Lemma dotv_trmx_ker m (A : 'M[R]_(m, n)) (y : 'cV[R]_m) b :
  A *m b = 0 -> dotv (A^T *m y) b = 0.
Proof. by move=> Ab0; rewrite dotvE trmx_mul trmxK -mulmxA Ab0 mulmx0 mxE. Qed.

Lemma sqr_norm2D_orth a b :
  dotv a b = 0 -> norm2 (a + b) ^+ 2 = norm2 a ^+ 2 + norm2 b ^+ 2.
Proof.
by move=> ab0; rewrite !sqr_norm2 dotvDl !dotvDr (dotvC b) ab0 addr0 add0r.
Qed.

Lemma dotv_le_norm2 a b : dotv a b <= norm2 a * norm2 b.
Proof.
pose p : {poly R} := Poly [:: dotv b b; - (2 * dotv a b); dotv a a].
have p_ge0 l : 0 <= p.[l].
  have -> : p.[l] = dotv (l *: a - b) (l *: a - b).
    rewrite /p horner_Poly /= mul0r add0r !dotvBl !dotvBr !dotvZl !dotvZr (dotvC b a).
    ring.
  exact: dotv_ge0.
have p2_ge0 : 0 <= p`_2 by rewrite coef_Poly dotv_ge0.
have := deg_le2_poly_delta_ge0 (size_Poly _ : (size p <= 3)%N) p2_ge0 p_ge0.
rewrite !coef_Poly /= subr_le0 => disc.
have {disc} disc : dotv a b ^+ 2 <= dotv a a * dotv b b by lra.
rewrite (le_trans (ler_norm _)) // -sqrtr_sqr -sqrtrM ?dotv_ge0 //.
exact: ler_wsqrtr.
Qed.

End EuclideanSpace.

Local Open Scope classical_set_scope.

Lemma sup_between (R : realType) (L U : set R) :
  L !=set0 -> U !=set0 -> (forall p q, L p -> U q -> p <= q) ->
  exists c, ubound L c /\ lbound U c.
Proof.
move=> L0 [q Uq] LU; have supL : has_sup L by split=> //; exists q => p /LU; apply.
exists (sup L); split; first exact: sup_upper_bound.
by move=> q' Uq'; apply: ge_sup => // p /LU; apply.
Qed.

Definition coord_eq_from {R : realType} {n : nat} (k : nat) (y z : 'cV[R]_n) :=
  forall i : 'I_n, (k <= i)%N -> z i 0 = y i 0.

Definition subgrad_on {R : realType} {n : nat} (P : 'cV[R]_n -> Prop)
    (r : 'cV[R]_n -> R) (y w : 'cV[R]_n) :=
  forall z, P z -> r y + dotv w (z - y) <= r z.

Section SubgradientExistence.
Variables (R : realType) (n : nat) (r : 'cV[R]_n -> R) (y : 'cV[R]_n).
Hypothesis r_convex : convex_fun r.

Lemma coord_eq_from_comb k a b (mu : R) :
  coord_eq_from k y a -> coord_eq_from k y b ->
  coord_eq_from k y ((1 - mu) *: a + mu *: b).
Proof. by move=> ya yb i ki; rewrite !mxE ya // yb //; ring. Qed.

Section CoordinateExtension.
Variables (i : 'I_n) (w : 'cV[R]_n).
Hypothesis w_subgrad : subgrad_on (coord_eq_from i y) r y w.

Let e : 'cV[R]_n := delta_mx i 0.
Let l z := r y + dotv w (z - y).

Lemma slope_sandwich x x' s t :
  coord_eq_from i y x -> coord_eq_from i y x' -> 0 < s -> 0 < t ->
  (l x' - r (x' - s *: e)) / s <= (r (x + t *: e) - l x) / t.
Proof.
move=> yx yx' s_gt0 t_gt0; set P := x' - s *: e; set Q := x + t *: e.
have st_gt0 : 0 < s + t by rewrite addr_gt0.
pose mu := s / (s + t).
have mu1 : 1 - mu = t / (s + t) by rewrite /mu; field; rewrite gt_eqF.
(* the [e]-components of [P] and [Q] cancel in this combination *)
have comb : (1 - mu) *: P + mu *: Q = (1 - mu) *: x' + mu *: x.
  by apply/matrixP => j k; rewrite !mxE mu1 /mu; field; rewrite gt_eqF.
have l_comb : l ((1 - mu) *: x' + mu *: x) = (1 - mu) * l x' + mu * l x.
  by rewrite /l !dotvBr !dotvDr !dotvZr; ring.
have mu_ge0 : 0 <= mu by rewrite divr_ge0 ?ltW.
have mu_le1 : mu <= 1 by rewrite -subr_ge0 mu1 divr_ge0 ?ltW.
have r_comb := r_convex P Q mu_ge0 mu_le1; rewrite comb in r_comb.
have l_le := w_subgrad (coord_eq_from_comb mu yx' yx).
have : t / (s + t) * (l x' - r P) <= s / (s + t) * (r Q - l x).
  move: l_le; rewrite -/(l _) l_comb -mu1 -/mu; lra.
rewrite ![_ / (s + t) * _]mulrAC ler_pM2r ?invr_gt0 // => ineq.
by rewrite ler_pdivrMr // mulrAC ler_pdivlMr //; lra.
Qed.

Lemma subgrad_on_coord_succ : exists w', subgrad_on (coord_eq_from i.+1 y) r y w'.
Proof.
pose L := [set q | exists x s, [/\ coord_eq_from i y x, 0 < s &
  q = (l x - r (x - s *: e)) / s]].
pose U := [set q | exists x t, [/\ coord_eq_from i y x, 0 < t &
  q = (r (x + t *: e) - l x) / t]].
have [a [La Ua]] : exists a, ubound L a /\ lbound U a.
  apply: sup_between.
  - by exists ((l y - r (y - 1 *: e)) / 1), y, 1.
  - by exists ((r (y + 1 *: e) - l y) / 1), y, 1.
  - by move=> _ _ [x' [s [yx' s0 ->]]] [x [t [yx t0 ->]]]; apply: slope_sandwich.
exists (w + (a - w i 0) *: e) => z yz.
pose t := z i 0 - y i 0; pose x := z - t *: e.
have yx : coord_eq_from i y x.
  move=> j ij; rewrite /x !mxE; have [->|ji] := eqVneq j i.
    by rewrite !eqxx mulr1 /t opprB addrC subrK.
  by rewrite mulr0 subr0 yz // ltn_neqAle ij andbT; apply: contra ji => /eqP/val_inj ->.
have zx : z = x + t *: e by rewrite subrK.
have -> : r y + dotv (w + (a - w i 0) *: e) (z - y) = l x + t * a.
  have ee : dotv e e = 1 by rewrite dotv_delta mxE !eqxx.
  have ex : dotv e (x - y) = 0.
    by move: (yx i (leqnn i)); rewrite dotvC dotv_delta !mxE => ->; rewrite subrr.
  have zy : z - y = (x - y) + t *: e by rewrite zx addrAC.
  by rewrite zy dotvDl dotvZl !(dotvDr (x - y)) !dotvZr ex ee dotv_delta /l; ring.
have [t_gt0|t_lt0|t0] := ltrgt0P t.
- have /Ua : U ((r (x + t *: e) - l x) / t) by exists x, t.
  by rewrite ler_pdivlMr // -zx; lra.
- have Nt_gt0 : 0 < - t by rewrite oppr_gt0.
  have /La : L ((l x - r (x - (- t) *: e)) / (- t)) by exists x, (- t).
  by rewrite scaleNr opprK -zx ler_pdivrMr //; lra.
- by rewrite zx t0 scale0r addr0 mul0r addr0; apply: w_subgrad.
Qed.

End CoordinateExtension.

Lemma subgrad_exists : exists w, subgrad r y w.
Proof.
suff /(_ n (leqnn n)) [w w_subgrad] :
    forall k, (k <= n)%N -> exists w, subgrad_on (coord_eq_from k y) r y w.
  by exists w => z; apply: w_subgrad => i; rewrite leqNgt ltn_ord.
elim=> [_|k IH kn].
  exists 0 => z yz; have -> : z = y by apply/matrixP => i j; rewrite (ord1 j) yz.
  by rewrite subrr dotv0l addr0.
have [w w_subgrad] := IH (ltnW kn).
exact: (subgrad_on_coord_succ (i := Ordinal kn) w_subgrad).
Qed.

---+---

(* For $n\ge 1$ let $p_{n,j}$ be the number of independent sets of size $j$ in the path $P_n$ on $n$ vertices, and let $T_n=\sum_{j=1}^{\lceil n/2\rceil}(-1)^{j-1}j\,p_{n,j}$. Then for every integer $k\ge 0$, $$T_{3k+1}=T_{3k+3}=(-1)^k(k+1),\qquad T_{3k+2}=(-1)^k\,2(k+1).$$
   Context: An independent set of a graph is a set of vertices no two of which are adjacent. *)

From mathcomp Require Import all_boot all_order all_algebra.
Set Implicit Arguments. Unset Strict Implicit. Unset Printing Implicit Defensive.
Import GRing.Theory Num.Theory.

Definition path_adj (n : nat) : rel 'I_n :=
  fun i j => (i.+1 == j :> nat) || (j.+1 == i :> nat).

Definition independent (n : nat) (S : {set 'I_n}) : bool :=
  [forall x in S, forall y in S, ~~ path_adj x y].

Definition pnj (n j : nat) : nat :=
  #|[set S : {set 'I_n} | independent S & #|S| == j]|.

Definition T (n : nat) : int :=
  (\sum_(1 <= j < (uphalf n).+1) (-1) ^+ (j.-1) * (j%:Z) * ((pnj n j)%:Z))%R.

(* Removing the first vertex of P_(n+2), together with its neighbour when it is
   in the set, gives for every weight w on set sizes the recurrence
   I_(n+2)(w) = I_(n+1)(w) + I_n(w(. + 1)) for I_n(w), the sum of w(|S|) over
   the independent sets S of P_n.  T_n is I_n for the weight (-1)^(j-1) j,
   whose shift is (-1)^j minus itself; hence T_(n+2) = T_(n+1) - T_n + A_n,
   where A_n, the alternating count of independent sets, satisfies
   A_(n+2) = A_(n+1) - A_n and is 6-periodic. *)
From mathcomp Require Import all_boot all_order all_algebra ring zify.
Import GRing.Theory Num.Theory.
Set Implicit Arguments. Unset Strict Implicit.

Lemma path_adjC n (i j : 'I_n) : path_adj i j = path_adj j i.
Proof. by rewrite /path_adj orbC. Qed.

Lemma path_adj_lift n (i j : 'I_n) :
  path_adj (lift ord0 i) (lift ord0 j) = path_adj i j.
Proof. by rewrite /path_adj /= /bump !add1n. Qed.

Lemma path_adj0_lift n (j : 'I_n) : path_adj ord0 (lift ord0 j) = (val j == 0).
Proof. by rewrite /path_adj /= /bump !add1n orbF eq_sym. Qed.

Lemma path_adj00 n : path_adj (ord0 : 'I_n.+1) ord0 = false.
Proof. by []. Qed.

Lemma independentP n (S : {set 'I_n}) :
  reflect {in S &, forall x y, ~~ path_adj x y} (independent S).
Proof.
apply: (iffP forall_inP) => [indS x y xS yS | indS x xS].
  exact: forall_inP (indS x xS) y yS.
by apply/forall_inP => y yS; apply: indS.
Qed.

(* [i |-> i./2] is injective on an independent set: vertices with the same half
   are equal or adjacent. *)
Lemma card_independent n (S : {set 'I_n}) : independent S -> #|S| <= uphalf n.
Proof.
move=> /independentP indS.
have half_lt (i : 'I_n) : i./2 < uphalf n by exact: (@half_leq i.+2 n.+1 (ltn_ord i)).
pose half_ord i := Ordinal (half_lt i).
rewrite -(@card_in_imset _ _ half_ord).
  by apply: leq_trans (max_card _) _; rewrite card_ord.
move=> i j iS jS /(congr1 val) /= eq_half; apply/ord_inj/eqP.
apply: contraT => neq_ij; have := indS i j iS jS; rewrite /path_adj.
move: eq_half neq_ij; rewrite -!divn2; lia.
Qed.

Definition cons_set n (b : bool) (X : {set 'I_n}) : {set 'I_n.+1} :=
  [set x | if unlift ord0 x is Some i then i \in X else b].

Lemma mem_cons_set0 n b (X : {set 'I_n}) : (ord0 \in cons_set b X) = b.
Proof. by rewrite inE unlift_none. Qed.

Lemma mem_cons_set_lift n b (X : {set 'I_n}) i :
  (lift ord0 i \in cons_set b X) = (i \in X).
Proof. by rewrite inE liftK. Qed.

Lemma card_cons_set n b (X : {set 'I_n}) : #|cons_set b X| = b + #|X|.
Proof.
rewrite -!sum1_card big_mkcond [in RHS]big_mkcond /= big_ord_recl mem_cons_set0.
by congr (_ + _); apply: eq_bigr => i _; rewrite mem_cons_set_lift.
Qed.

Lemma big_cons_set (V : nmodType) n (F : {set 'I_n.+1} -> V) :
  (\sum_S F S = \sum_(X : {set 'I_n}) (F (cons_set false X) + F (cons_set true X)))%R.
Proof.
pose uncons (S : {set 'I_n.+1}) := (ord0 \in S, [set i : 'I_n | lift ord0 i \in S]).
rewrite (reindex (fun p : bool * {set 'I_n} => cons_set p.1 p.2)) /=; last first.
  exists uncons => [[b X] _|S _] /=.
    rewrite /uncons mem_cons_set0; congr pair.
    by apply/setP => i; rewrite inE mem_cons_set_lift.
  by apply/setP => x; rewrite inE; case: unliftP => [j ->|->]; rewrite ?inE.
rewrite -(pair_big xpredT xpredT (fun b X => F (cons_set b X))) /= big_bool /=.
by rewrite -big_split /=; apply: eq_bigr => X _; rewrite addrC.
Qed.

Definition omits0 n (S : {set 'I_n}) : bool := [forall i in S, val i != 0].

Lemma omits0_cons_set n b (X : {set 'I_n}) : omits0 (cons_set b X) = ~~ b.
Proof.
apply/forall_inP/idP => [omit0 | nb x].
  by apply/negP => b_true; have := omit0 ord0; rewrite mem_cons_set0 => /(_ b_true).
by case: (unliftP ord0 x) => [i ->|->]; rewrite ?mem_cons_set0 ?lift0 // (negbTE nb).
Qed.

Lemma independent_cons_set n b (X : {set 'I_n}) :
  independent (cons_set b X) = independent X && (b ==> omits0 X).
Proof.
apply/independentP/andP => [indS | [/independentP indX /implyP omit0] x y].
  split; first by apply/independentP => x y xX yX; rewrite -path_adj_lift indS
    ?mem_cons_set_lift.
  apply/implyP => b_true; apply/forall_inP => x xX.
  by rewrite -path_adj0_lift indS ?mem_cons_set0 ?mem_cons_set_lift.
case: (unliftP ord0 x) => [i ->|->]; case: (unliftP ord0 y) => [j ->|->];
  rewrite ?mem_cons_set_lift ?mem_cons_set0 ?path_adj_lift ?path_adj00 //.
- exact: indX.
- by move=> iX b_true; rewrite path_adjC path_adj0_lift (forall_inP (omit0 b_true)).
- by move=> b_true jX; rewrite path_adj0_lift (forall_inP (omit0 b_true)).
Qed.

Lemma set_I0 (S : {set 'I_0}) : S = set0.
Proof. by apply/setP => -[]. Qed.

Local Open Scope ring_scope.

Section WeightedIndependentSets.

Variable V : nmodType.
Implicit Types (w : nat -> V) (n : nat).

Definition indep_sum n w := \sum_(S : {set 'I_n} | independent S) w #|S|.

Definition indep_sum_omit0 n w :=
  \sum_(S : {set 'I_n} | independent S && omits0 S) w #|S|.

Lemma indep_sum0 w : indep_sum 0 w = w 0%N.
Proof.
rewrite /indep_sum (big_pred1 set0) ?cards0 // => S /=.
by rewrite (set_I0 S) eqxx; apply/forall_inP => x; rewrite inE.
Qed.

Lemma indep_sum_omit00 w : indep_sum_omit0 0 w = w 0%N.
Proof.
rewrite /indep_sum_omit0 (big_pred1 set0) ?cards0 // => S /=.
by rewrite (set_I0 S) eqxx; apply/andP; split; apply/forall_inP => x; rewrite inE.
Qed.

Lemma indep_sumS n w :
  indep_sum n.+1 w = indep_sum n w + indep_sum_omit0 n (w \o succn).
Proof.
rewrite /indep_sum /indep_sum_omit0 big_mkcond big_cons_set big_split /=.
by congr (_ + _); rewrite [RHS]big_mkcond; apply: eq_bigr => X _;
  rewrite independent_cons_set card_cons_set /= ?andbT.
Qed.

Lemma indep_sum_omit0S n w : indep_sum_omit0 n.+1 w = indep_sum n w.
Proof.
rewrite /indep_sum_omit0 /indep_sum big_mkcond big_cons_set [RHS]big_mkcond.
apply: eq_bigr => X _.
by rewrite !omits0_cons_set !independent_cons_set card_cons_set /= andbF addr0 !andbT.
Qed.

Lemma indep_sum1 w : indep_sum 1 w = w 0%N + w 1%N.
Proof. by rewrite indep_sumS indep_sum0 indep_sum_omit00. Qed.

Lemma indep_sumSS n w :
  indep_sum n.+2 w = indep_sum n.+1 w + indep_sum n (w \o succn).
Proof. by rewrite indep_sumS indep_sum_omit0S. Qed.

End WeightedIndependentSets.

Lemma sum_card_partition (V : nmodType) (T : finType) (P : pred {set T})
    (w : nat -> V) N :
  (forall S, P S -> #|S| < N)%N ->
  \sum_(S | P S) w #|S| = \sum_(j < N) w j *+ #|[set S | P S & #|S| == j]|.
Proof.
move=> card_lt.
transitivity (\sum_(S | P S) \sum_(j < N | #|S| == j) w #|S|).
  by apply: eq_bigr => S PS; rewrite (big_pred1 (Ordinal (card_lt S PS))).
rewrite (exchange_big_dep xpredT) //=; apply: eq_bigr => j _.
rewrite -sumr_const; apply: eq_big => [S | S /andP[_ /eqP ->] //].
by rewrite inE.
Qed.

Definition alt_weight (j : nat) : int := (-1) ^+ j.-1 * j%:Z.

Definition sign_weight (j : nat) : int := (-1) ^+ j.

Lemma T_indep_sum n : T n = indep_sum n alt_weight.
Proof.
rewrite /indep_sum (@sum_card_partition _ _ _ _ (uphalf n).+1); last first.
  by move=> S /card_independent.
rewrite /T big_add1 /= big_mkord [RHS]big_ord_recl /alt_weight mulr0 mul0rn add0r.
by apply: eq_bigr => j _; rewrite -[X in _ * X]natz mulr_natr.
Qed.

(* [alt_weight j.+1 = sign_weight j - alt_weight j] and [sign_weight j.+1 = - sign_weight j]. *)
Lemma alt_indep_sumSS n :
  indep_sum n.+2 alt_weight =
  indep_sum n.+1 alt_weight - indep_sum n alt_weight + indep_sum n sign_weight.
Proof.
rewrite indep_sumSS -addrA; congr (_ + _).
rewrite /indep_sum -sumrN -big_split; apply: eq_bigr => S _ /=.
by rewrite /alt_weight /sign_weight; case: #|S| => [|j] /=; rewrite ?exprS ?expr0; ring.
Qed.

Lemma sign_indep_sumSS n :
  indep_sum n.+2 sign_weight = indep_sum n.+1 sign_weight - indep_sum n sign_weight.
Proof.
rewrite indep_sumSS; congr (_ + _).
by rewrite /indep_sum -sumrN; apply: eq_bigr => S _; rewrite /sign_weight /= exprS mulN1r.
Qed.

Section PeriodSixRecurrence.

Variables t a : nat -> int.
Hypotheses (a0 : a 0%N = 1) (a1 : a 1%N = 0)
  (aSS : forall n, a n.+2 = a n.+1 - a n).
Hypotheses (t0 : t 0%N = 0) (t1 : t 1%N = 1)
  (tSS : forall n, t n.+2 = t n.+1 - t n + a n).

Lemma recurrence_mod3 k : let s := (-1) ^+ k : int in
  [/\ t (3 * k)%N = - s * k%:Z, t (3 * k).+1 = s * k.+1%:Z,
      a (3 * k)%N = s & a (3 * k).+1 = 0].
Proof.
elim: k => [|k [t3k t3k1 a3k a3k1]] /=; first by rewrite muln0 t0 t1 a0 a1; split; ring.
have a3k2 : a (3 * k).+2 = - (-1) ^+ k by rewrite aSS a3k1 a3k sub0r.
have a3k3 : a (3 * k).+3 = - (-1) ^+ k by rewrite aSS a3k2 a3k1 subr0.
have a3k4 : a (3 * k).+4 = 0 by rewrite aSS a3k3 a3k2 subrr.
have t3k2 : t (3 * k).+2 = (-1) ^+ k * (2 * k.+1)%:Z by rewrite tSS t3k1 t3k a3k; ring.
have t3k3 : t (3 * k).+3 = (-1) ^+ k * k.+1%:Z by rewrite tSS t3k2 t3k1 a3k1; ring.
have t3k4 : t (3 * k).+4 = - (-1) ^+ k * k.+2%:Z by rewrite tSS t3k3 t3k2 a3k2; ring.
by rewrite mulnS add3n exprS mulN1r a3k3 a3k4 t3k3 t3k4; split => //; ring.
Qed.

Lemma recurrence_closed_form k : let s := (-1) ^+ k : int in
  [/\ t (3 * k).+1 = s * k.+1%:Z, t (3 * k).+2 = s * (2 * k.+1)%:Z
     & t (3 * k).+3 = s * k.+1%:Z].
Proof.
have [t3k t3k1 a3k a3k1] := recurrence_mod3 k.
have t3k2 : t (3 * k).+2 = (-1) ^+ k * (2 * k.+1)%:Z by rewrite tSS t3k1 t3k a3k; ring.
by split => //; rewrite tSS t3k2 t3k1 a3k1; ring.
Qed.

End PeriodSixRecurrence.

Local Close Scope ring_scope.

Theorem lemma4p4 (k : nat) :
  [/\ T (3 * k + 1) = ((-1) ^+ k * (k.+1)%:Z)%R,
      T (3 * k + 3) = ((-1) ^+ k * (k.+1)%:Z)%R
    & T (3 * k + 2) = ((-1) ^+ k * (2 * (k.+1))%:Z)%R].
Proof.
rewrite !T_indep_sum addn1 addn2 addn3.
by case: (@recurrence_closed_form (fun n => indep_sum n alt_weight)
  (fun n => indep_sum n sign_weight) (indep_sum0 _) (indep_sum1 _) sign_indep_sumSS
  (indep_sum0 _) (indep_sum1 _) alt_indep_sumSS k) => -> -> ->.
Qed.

---+---

Copy out precisely the lines from the line with "move=> /independentP indS." to the line with "Proof. by rewrite inE liftK. Qed." in the material above, including those two lines and omitting all the rest.

__Written solution__.
move=> /independentP indS.
have half_lt (i : 'I_n) : i./2 < uphalf n by exact: (@half_leq i.+2 n.+1 (ltn_ord i)).
pose half_ord i := Ordinal (half_lt i).
rewrite -(@card_in_imset _ _ half_ord).
  by apply: leq_trans (max_card _) _; rewrite card_ord.
move=> i j iS jS /(congr1 val) /= eq_half; apply/ord_inj/eqP.
apply: contraT => neq_ij; have := indS i j iS jS; rewrite /path_adj.
move: eq_half neq_ij; rewrite -!divn2; lia.
Qed.

Definition cons_set n (b : bool) (X : {set 'I_n}) : {set 'I_n.+1} :=
  [set x | if unlift ord0 x is Some i then i \in X else b].

Lemma mem_cons_set0 n b (X : {set 'I_n}) : (ord0 \in cons_set b X) = b.
Proof. by rewrite inE unlift_none. Qed.

Lemma mem_cons_set_lift n b (X : {set 'I_n}) i :
  (lift ord0 i \in cons_set b X) = (i \in X).
Proof. by rewrite inE liftK. Qed.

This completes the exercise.